:: RECORDS FOR THIS TASK ::

(* Let $k$ be a field, $G$ a finite group of order $n$ with $1/n\in k$, and $\sigma\subseteq G$ a cyclic subgroup. Then the idempotent $e_\sigma\in R(\sigma)_{1/n}$ belongs to the kernel of the restriction homomorphism $R(\sigma)_{1/n}\to R(\sigma')_{1/n}$ for every proper subgroup $\sigma'\subsetneq\sigma$.
   Context: $R(H)$ is the representation ring of $H$ over $k$ and $(-)_{1/n}=-\otimes\mathbb{Z}[1/n]$. For a finite cyclic group $\rho$, define $e_{\mathrm{prim}}:=\prod_{\rho'}\bigl(1-\frac1{|\rho'|}\sum_{h\in\rho'}h\bigr)\in\mathbb{Z}[1/n][\rho]$, the product over the minimal nontrivial subgroups $\rho'$ of $\rho$. Let $l_0$ be obtained from $k$ by adjoining the $n$-th roots of unity, $\Gamma=\mathrm{Gal}(l_0/k)$, $\sigma^\vee:=\mathrm{Hom}(\sigma,l_0^\times)$. The element $e_{\mathrm{prim}}\in\mathbb{Z}[1/n][\sigma^\vee]$ is $\Gamma$-invariant, and $e_\sigma\in R(\sigma)_{1/n}$ is the idempotent corresponding to it under the isomorphisms $R(\sigma)_{1/n}\simeq R_{l_0}(\sigma)^\Gamma_{1/n}\simeq\mathbb{Z}[1/n][\sigma^\vee]^\Gamma$ (base change $-\otimes_kl_0$ followed by the character isomorphism). *)

From HB Require Import structures.
From mathcomp Require Import all_boot all_order all_algebra all_fingroup all_solvable all_field all_character.
Set Implicit Arguments. Unset Strict Implicit. Unset Printing Implicit Defensive.
Import GRing.Theory.
Local Open Scope ring_scope.

(* Concrete model of the character group sigma^vee = Hom(sigma, l0^x),
   where z is a primitive n-th root of unity in l0 and n = |G|.
   Every hom sigma -> l0^x takes values in mu_n = {z^i : i < n}, so a
   character is encoded by an exponent function f : gT -> 'I_n,
   chi_f(g) = z ^+ f g, normalized to be 0 outside sigma. *)
Section Dual.
Variables (l0 : fieldType) (n : nat) (z : l0) (gT : finGroupType) (S : {set gT}).

Definition chtype := {ffun gT -> 'I_n}.

Definition chi (f : chtype) (g : gT) : l0 := z ^+ (f g).

Definition dual : {set chtype} :=
  [set f : chtype | [forall x, (x \notin S) ==> (val (f x) == 0%N)] &&
    [forall x, forall y, ((x \in S) && (y \in S)) ==>
       (chi f (x * y)%g == chi f x * chi f y)]].

Definition chtriv (f : chtype) : bool := [forall g in S, chi f g == 1].

Definition chprod (f1 f2 h : chtype) : bool :=
  [forall g in S, chi f1 g * chi f2 g == chi h g].

(* the group ring Q[sigma^vee] (containing Z[1/n][sigma^vee]),
   elements are functions supported on dual *)
Definition gring := {ffun chtype -> rat}.

Definition gone : gring :=
  [ffun h => if (h \in dual) && chtriv h then 1 else 0].

Definition gdelta (x : chtype) : gring := [ffun h => if h == x then 1 else 0].

Definition gmul (a b : gring) : gring :=
  [ffun h => if h \in dual then
     \sum_(f1 in dual) \sum_(f2 in dual)
        (if chprod f1 f2 h then a f1 * b f2 else 0) else 0].

Definition gsub (a b : gring) : gring := [ffun h => a h - b h].
Definition gscale (c : rat) (a : gring) : gring := [ffun h => c * a h].
Definition gsum (A : {set chtype}) : gring := [ffun h => \sum_(x in A) gdelta x h].

Definition is_subgrp (A : {set chtype}) : bool :=
  [&& A \subset dual, [exists f in A, chtriv f] &
     [forall f1 in A, forall f2 in A, forall h in dual,
        chprod f1 f2 h ==> (h \in A)]].

Definition nontriv (A : {set chtype}) : bool := [exists f in A, ~~ chtriv f].

Definition min_nontriv (A : {set chtype}) : bool :=
  [&& is_subgrp A, nontriv A &
     [forall B : {set chtype},
        [&& is_subgrp B, nontriv B & B \subset A] ==> (B == A)]].

Definition eprim : gring :=
  \big[gmul/gone]_(A : {set chtype} | min_nontriv A)
     gsub gone (gscale (#|A|%:R)^-1 (gsum A)).

End Dual.

(* multiplicity of the one-dimensional representation chi_f in the
   l0-representation U of sigma: dimension of the chi_f-isotypic subspace *)
Definition mult (l0 : fieldType) (n : nat) (z : l0) (gT : finGroupType)
  (S : {group gT}) (d : nat) (U : mx_representation l0 S d) (f : chtype n gT) : nat :=
  \rank (\bigcap_(g in S) kermx (U g - (chi z f g)%:M))%MS.

(* Write sigma = <[g]> and sigma' = <[h]>. A character f of sigma restricts to the
   character of sigma' determined by f(h), so restriction of group rings is the push-forward
   along f |-> f(h) and is multiplicative. Since sigma' is proper, the kernel of f |-> f(h)
   is a nontrivial subgroup of sigma^vee; it contains a minimal nontrivial rho', whose factor
   1 - |rho'|^-1 sum_(rho') in e_prim restricts to 1 - 1 = 0. Hence e_prim restricts to 0.
   By the hypothesis on V and W, every character of sigma' then has the same multiplicity
   in V and W over l0, so ker P(V h) and ker P(W h) have the same dimension for every
   polynomial P. As the order e of h is invertible in k, V h and W h are killed by the
   separable polynomial X^e - 1, and two such matrices A, C with rank P(A) = rank P(C) for
   all P are similar: a polynomial of least degree that is singular at A (equivalently at C)
   yields a common companion block, which has an invariant complement by Maschke averaging,
   and one concludes by induction on the dimension. *)

From HB Require Import structures.
From mathcomp Require Import all_boot all_order all_algebra all_fingroup all_solvable all_field all_character.
From mathcomp Require Import ring.
From Stdlib Require Import Classical_Prop Wf_nat.
Set Implicit Arguments. Unset Strict Implicit. Unset Printing Implicit Defensive.
Import GRing.Theory.
Local Open Scope ring_scope.

Section MatrixPolynomial.
Variable K : fieldType.

(* [horner_mx] only exists on ['M_n.+1]; this evaluation also covers [n = 0]. *)
Definition peval n (A : 'M[K]_n) (p : {poly K}) : 'M_n :=
  \sum_(i < size p) p`_i *: A ^+ i.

:::

• TASK DIRECTIONS:
From the listing above, repeat exactly the lines starting at the line that includes "Definition gsum (A" and ending at the line that includes "(* Write sigma", with nothing outside that span.

• EXERCISE RESULT:
Definition gsum (A : {set chtype}) : gring := [ffun h => \sum_(x in A) gdelta x h].

Definition is_subgrp (A : {set chtype}) : bool :=
  [&& A \subset dual, [exists f in A, chtriv f] &
     [forall f1 in A, forall f2 in A, forall h in dual,
        chprod f1 f2 h ==> (h \in A)]].

Definition nontriv (A : {set chtype}) : bool := [exists f in A, ~~ chtriv f].

Definition min_nontriv (A : {set chtype}) : bool :=
  [&& is_subgrp A, nontriv A &
     [forall B : {set chtype},
        [&& is_subgrp B, nontriv B & B \subset A] ==> (B == A)]].

Definition eprim : gring :=
  \big[gmul/gone]_(A : {set chtype} | min_nontriv A)
     gsub gone (gscale (#|A|%:R)^-1 (gsum A)).

End Dual.

(* multiplicity of the one-dimensional representation chi_f in the
   l0-representation U of sigma: dimension of the chi_f-isotypic subspace *)
Definition mult (l0 : fieldType) (n : nat) (z : l0) (gT : finGroupType)
  (S : {group gT}) (d : nat) (U : mx_representation l0 S d) (f : chtype n gT) : nat :=
  \rank (\bigcap_(g in S) kermx (U g - (chi z f g)%:M))%MS.

(* Write sigma = <[g]> and sigma' = <[h]>. A character f of sigma restricts to the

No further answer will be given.